- Born: March 7, 1847 Wauwatosa, Wisconsin
- Died: 1924 (aged 76–77)
- Occupations: Politician, Real Estate Developer

= Emerson D. Hoyt =

American politician

Emerson D. Hoyt was the first president of the Village of Wauwatosa, Wisconsin and then the town's first mayor.

==Biography==
Hoyt was born on March 7, 1847, in Wauwatosa, Wisconsin. He had no formal education. He would become involved in real estate.

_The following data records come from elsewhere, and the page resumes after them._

(* Assume that for all $0\le i,j\le d$: $E^*_iAE^*_j=0$ if $|i-j|>1$, and $E^*_iAE^*_j\ne0$ if $|i-j|=1$. Then there exists a unique antiautomorphism $\dagger$ of $\mathcal A$ such that $A^\dagger=A$ and $A^{*\dagger}=A^*$. Moreover $X^{\dagger\dagger}=X$ for all $X\in\mathcal A$.
   Context: Let $\mathbb K$ be a field, $d\ge 0$ an integer, and $\mathcal A$ a $\mathbb K$-algebra isomorphic to $\mathrm{Mat}_{d+1}(\mathbb K)$, with identity $I$. An element of $\mathcal A$ is multiplicity-free if it has $d+1$ mutually distinct eigenvalues, all in $\mathbb K$; for such $A$ with eigenvalues $\theta_0,\ldots,\theta_d$, the primitive idempotent associated with $\theta_i$ is $E_i=\prod_{j\ne i}(A-\theta_jI)/(\theta_i-\theta_j)$. Standing setup: $A,A^*$ are multiplicity-free elements of $\mathcal A$ ($A^*$ is just a name, not an adjoint); $E^*_0,\ldots,E^*_d$ is an ordering of the primitive idempotents of $A^*$. An antiautomorphism of $\mathcal A$ is a $\mathbb K$-linear bijection $\sigma:\mathcal A\to\mathcal A$ with $(XY)^\sigma=Y^\sigma X^\sigma$ for all $X,Y\in\mathcal A$. *)

From HB Require Import structures.
From mathcomp Require Import all_boot all_order all_algebra.
Set Implicit Arguments. Unset Strict Implicit. Unset Printing Implicit Defensive.
Import GRing.Theory.
Local Open Scope ring_scope.

(* The algebra A ~ Mat_{d+1}(K) is realised as 'M[K]_(d.+1). *)

Definition eigen_ordering (K : fieldType) (d : nat) (M : 'M[K]_(d.+1))
  (th : 'I_(d.+1) -> K) : Prop :=
  injective th /\ forall i, eigenvalue M (th i).

Definition multiplicity_free (K : fieldType) (d : nat) (M : 'M[K]_(d.+1)) : Prop :=
  exists th : 'I_(d.+1) -> K, eigen_ordering M th.

Definition prim_idem (K : fieldType) (d : nat) (M : 'M[K]_(d.+1))
  (th : 'I_(d.+1) -> K) (i : 'I_(d.+1)) : 'M[K]_(d.+1) :=
  \prod_(j < d.+1 | j != i) ((th i - th j)^-1 *: (M - (th j)%:M)).

Definition antiautomorphism (K : fieldType) (d : nat)
  (s : 'M[K]_(d.+1) -> 'M[K]_(d.+1)) : Prop :=
  [/\ forall (c : K) (X Y : 'M[K]_(d.+1)), s (c *: X + Y) = c *: s X + s Y,
      bijective s &
      forall X Y : 'M[K]_(d.+1), s (X *m Y) = s Y *m s X].

From HB Require Import structures.
From mathcomp Require Import all_boot all_order all_algebra.
From mathcomp Require Import ring zify.
Import GRing.Theory.
Local Open Scope ring_scope.
Set Implicit Arguments.
Unset Strict Implicit.

(* Choose a matrix Q whose rows are eigenvectors of A*.  Conjugation by Q turns
   the E*_i into the diagonal matrix units e_ii and A into a matrix B that is
   tridiagonal with nonzero entries next to the diagonal.  Such a B is
   symmetrised by a diagonal matrix W, so X |-> W X^T W^-1 is an involutive
   antiautomorphism fixing B and every diagonal matrix; conjugating back by Q
   gives the required antiautomorphism.  It is unique because E*_i and
   E*_i A E*_(i+-1) span the matrix units e_ii, e_i(i+-1) in the Q-basis, which
   generate the whole algebra, so an antiautomorphism is determined by its
   values on A and A*. *)

Section MatrixSubalgebra.
Variables (K : fieldType) (n : nat).
Implicit Types (P : 'M[K]_n.+1 -> Prop) (X Y : 'M[K]_n.+1).

Definition subalg_pred P :=
  [/\ P 1%:M, forall c X Y, P X -> P Y -> P (c *: X + Y)
    & forall X Y, P X -> P Y -> P (X *m Y)].

Section Closure.
Variables (P : 'M[K]_n.+1 -> Prop) (hP : subalg_pred P).

Lemma subalg_pred0 : P 0.
Proof. by case: hP => P1 PL _; rewrite -(addNr 1%:M) -scaleN1r; apply: PL. Qed.

Lemma subalg_predZ c X : P X -> P (c *: X).
Proof.
by case: hP => _ PL _ PX; rewrite -[_ *: _]addr0; apply: PL => //; exact: subalg_pred0.
Qed.

Lemma subalg_predD X Y : P X -> P Y -> P (X + Y).
Proof. by case: hP => _ PL _ PX PY; rewrite -[X]scale1r; apply: PL. Qed.

Lemma subalg_predM X Y : P X -> P Y -> P (X *m Y).
Proof. by case: hP => _ _; apply. Qed.

Lemma subalg_pred_prim_idem (M : 'M[K]_n.+1) th i : P M -> P (prim_idem M th i).
Proof.
case: hP => P1 _ _ PM; apply: (big_ind P) => // [|j _]; first exact: subalg_predM.
apply/subalg_predZ/subalg_predD => //.
by rewrite -scalemx1 -scaleNr; apply: subalg_predZ.
Qed.

Lemma subalg_pred_conj (Q : 'M[K]_n.+1) :
  Q \in unitmx -> subalg_pred (fun Y => P (invmx Q *m Y *m Q)).
Proof.
case: hP => P1 PL PM uQ; split.
- by rewrite mulmx1 mulVmx.
- move=> c X Y PX PY.
  by rewrite mulmxDr mulmxDl -scalemxAr -scalemxAl; apply: PL.
- move=> X Y PX PY; have -> : invmx Q *m (X *m Y) *m Q =
      (invmx Q *m X *m Q) *m (invmx Q *m Y *m Q) by rewrite !mulmxA mulmxK.
  exact: PM.
Qed.

Lemma subalg_pred_matrix_units :
  (forall i, P (delta_mx i i)) ->
  (forall i j : 'I_n.+1, i.+1 = j -> P (delta_mx i j) /\ P (delta_mx j i)) ->
  forall X, P X.
Proof.
move=> Pdiag Padj.
have Pup k (i j : 'I_n.+1) : (i + k)%N = j -> P (delta_mx i j) /\ P (delta_mx j i).
  elim: k j => [|k IHk] j.
    by rewrite addn0 => /ord_inj ->.
  move=> ikj; have lt_ik : (i + k < n.+1)%N by have := ltn_ord j; lia.
  have [Pik Pki] := IHk (Ordinal lt_ik) erefl.
  have [|Pkj Pjk] := Padj (Ordinal lt_ik) j; first by rewrite /= -addnS.
  rewrite -[delta_mx i j](mul_delta_mx (Ordinal lt_ik)).
  by rewrite -[delta_mx j i](mul_delta_mx (Ordinal lt_ik)); split; apply: subalg_predM.
have Pdelta i j : P (delta_mx i j).
  have [le_ij|lt_ji] := leqP i j; first by have [] := Pup (j - i)%N i j (subnKC le_ij).
  by have [] := Pup (i - j)%N j i (subnKC (ltnW lt_ji)).
move=> X; rewrite (matrix_sum_delta X); apply: (big_ind P) => [||i _].
- exact: subalg_pred0.
- exact: subalg_predD.
apply: (big_ind P) => [||j _]; [exact: subalg_pred0 | exact: subalg_predD |].
exact: subalg_predZ.
Qed.

End Closure.
End MatrixSubalgebra.

Lemma conjmx_invK (K : fieldType) n (Q X : 'M[K]_n.+1) :
  Q \in unitmx -> invmx Q *m (Q *m X *m invmx Q) *m Q = X.
Proof. by move=> uQ; rewrite !mulmxA mulVmx // mul1mx mulmxKV. Qed.

Lemma conjmxK_inv (K : fieldType) n (Q X : 'M[K]_n.+1) :
  Q \in unitmx -> Q *m (invmx Q *m X *m Q) *m invmx Q = X.
Proof. by move=> uQ; rewrite !mulmxA mulmxV // mul1mx mulmxK. Qed.

Section Antiautomorphism.
Variables (K : fieldType) (n : nat).
Implicit Types (s t : 'M[K]_n.+1 -> 'M[K]_n.+1) (Q X Y : 'M[K]_n.+1).

Lemma antiautomorphism1 s : antiautomorphism s -> s 1%:M = 1%:M.
Proof.
case=> _ [s' ss' s's] sM.
by rewrite -[RHS](s's 1%:M) -[s' _]mul1mx sM s's mul1mx.
Qed.

Lemma antiautomorphism_eq_subalg s t :
  antiautomorphism s -> antiautomorphism t -> subalg_pred (fun X => s X = t X).
Proof.
move=> sA tA; have [sL _ sM] := sA; have [tL _ tM] := tA; split.
- by rewrite !antiautomorphism1.
- by move=> c X Y eX eY; rewrite sL tL eX eY.
- by move=> X Y eX eY; rewrite sM tM eX eY.
Qed.

Lemma antiautomorphism_conj s Q : Q \in unitmx -> antiautomorphism s ->
  antiautomorphism (fun X => invmx Q *m s (Q *m X *m invmx Q) *m Q).
Proof.
move=> uQ [sL [s' ss' s's] sM]; split.
- move=> c X Y; rewrite mulmxDr mulmxDl -scalemxAr -scalemxAl sL.
  by rewrite mulmxDr mulmxDl -scalemxAr -scalemxAl.
- exists (fun X => invmx Q *m s' (Q *m X *m invmx Q) *m Q) => X;
  by rewrite conjmxK_inv // ?ss' ?s's conjmx_invK.
- move=> X Y; have -> : Q *m (X *m Y) *m invmx Q =
      (Q *m X *m invmx Q) *m (Q *m Y *m invmx Q) by rewrite !mulmxA mulmxKV.
  by rewrite sM !mulmxA mulmxK.
Qed.

End Antiautomorphism.

Section TwistedTranspose.
Variables (K : fieldType) (n : nat) (w : 'I_n.+1 -> K).
Hypothesis w_neq0 : forall i, w i != 0.

(* X |-> W X^T W^-1 for W = diag_mx w. *)
Definition twisted_trmx (Y : 'M[K]_n.+1) : 'M[K]_n.+1 :=
  \matrix_(i, j) (w i / w j * Y j i).

Lemma twisted_trmxK : involutive twisted_trmx.
Proof. by move=> Y; apply/matrixP => i j; rewrite !mxE; field; rewrite ?w_neq0. Qed.

Lemma twisted_trmx_anti : antiautomorphism twisted_trmx.
Proof.
split.
- by move=> c X Y; apply/matrixP => i j; rewrite !mxE; ring.
- by exists twisted_trmx; apply: twisted_trmxK.
- move=> X Y; apply/matrixP => i j; rewrite !mxE mulr_sumr.
  by apply: eq_bigr => k _; rewrite !mxE; field; rewrite ?w_neq0.
Qed.

Lemma twisted_trmx_id (X : 'M[K]_n.+1) :
  (forall i j, w i * X j i = X i j * w j) -> twisted_trmx X = X.
Proof.
move=> wX; apply/matrixP => i j; rewrite !mxE mulrAC wX.
by rewrite -mulrA mulfV ?mulr1.
Qed.

Lemma twisted_trmx_diag (D : 'rV[K]_n.+1) : twisted_trmx (diag_mx D) = diag_mx D.
Proof.
apply: twisted_trmx_id => i j; rewrite !mxE.
case: eqVneq => [->|_]; first by rewrite mulrC.
by rewrite !mulr0n mulr0 mul0r.
Qed.

End TwistedTranspose.

Section Tridiagonal.
Variables (K : fieldType) (n : nat) (B : 'M[K]_n.+1).
Hypothesis B_far : forall i j : 'I_n.+1, (i.+1 < j)%N || (j.+1 < i)%N -> B i j = 0.
Hypothesis B_adj : forall i j : 'I_n.+1, i.+1 = j -> B i j != 0 /\ B j i != 0.

Definition tridiag_weight (i : 'I_n.+1) : K :=
  \prod_(k < i) (B (inord k.+1) (inord k) / B (inord k) (inord k.+1)).

Lemma tridiag_weight_neq0 i : tridiag_weight i != 0.
Proof.
rewrite prodf_seq_neq0; apply/allP => k _ /=.
have lt_k : (k < n)%N by have := ltn_ord i; have := ltn_ord k; lia.
have [] := @B_adj (inord k) (inord k.+1); first by rewrite !inordK //; lia.
by move=> h1 h2; rewrite mulf_neq0 ?invr_eq0.
Qed.

Lemma tridiag_weight_sym i j :
  tridiag_weight i * B j i = B i j * tridiag_weight j.
Proof.
wlog le_ij : i j / (i <= j)%N.
  by move=> wl; have [/wl//|/ltnW/wl] := leqP i j; rewrite mulrC => ->; rewrite mulrC.
have [/ord_inj->|ne_ij] := eqVneq (i : nat) j; first by rewrite mulrC.
have [ji|ne_ji] := eqVneq (j : nat) i.+1; last first.
  by rewrite !B_far ?mulr0 ?mul0r //; move: ne_ij ne_ji; lia.
have [Bij _] := B_adj (esym ji).
rewrite /tridiag_weight ji big_ord_recr /= -ji !inord_val.
by field.
Qed.

End Tridiagonal.

Section Eigenbasis.
Variables (K : fieldType) (n : nat) (M : 'M[K]_n.+1) (th : 'I_n.+1 -> K).
Hypothesis th_inj : injective th.

Definition eigenbasis (Q : 'M[K]_n.+1) := forall k, row k Q *m M = th k *: row k Q.

Lemma prim_idem_eigenrow k i (v : 'rV[K]_n.+1) :
  v *m M = th k *: v -> v *m prim_idem M th i = (k == i)%:R *: v.
Proof.
move=> vM; have -> : v *m prim_idem M th i =
    (\prod_(j < n.+1 | j != i) ((th i - th j)^-1 * (th k - th j))) *: v.
  rewrite /prim_idem; elim/big_rec2: _ => [|j c E _ IH]; first by rewrite scale1r mulmx1.
  rewrite -mulmxE mulmxA -scalemxAr mulmxBr vM mul_mx_scalar -scalerBl.
  by rewrite -!scalemxAl IH !scalerA.
have [<-|ne_ki] := eqVneq k i; last by rewrite (bigD1 k) //= subrr !mulr0 mul0r.
rewrite big1 // => j ne_jk; rewrite mulVf // subr_eq0.
by apply: contra ne_jk => /eqP /th_inj ->.
Qed.

Lemma eigenbasis_prim_idem Q i :
  eigenbasis Q -> Q *m prim_idem M th i = delta_mx i i *m Q.
Proof.
move=> QM; apply/row_matrixP => k; rewrite !row_mul (prim_idem_eigenrow _ (QM k)).
rewrite [row k (delta_mx _ _)]rowE mul_delta_mx_cond.
by case: eqVneq => [->|]; rewrite ?scale1r ?scale0r ?mul0mx -?rowE.
Qed.

Lemma eigenbasis_unit Q : (forall k, row k Q != 0) -> eigenbasis Q -> Q \in unitmx.
Proof.
move=> Q_neq0 QM; rewrite -row_free_unit -kermx_eq0; apply/eqP/row_matrixP => k.
rewrite row0; set c := row k (kermx Q).
have cQ : c *m Q = 0 by rewrite -row_mul mulmx_ker row0.
clearbody c; apply/rowP => i; rewrite mxE.
have : c *m (Q *m prim_idem M th i) = 0 by rewrite mulmxA cQ mul0mx.
rewrite eigenbasis_prim_idem // mulmxA.
have -> : c *m delta_mx i i = c 0 i *: delta_mx 0 i.
  apply/rowP => j; rewrite !mxE (bigD1 i) //= big1 => [|l /negPf ne_li].
    by rewrite !mxE !eqxx addr0; case: eqVneq; rewrite ?mulr1 ?mulr0.
  by rewrite !mxE ne_li mulr0.
rewrite -scalemxAl -rowE => /eqP.
by rewrite scaler_eq0 (negPf (Q_neq0 i)) orbF => /eqP.
Qed.

Lemma eigenbasis_exists : (forall i, eigenvalue M (th i)) ->
  exists2 Q, Q \in unitmx & eigenbasis Q.
Proof.
move=> th_eigen.
have eigvec i : exists v : 'rV[K]_n.+1, (v *m M == th i *: v) && (v != 0).
  by have /eigenvalueP [v vM v_neq0] := th_eigen i; exists v; rewrite vM eqxx.
pose Q := \matrix_(i, j) xchoose (eigvec i) 0 j.
have rowQ i : row i Q = xchoose (eigvec i) by apply/rowP => j; rewrite !mxE.
have QM : eigenbasis Q.
  by move=> k; rewrite rowQ; case/andP: (xchooseP (eigvec k)) => /eqP.
exists Q => //; apply: eigenbasis_unit => // k.
by rewrite rowQ; case/andP: (xchooseP (eigvec k)).
Qed.

Lemma eigenbasis_prim_idemE Q i : Q \in unitmx -> eigenbasis Q ->
  prim_idem M th i = invmx Q *m delta_mx i i *m Q.
Proof. by move=> uQ QM; rewrite -mulmxA -eigenbasis_prim_idem // mulKmx. Qed.

Lemma eigenbasis_diag Q : eigenbasis Q -> Q *m M = diag_mx (\row_k th k) *m Q.
Proof.
move=> QM; apply/row_matrixP => k; rewrite row_mul QM mul_diag_mx.
by apply/rowP => j; rewrite !mxE.
Qed.

End Eigenbasis.

Lemma mul_delta_mx_diag (K : fieldType) n (B : 'M[K]_n) i j :
  delta_mx i i *m B *m delta_mx j j = B i j *: delta_mx i j.
Proof.
apply/matrixP => a b; rewrite !mxE (bigD1 j) //= big1 => [|l /negPf ne_lj]; last first.
  by rewrite !mxE ne_lj mulr0.
rewrite !mxE (bigD1 i) //= big1 => [|l /negPf ne_li]; last first.
  by rewrite !mxE ne_li andbF mul0r.
rewrite !mxE !eqxx !addr0 /=.
by case: (a == i); case: (b == j); rewrite /= ?(mulr0, mul0r, mulr1, mul1r).
Qed.

Section ConjugateMatrixUnits.
Variables (K : fieldType) (n : nat) (Q : 'M[K]_n.+1).
Hypothesis Q_unit : Q \in unitmx.

Lemma conj_delta_mx_neq0 i j : invmx Q *m delta_mx i j *m Q != 0.
Proof.
apply: contraTneq isT => /(congr1 (fun X => Q *m X *m invmx Q)).
rewrite conjmxK_inv // mulmx0 mul0mx => /matrixP /(_ i j).
by rewrite !mxE !eqxx /= => /eqP; rewrite oner_eq0.
Qed.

He was a member of the Wisconsin State Assembly in 1887, 1893, 1895, and 1896.

Hoyt served as the president of the Village of Wauwatosa in 1893, 1894, and 1895. He was later elected as the town's first mayor, serving from 1897 through 1904. He also served on the Milwaukee County Parks Commission from 1907 through 1921. Additionally, he was President of the first National Bank of Wauwatosa from 1907 through 1921.

Hoyt died in 1924.

==Legacy==
In 1914 Emerson D. Hoyt donated the lot on 1626 Wauwatosa Avenue for the Wauwatosa Woman's Club Clubhouse with the provision that the structure also be used as a museum to preserve the early history of Wauwatosa. The building was listed on the National Register of Historic Places in 1998 and is still being used.

Hoyt Park and Hoyt Pool are named after Emerson D. Hoyt.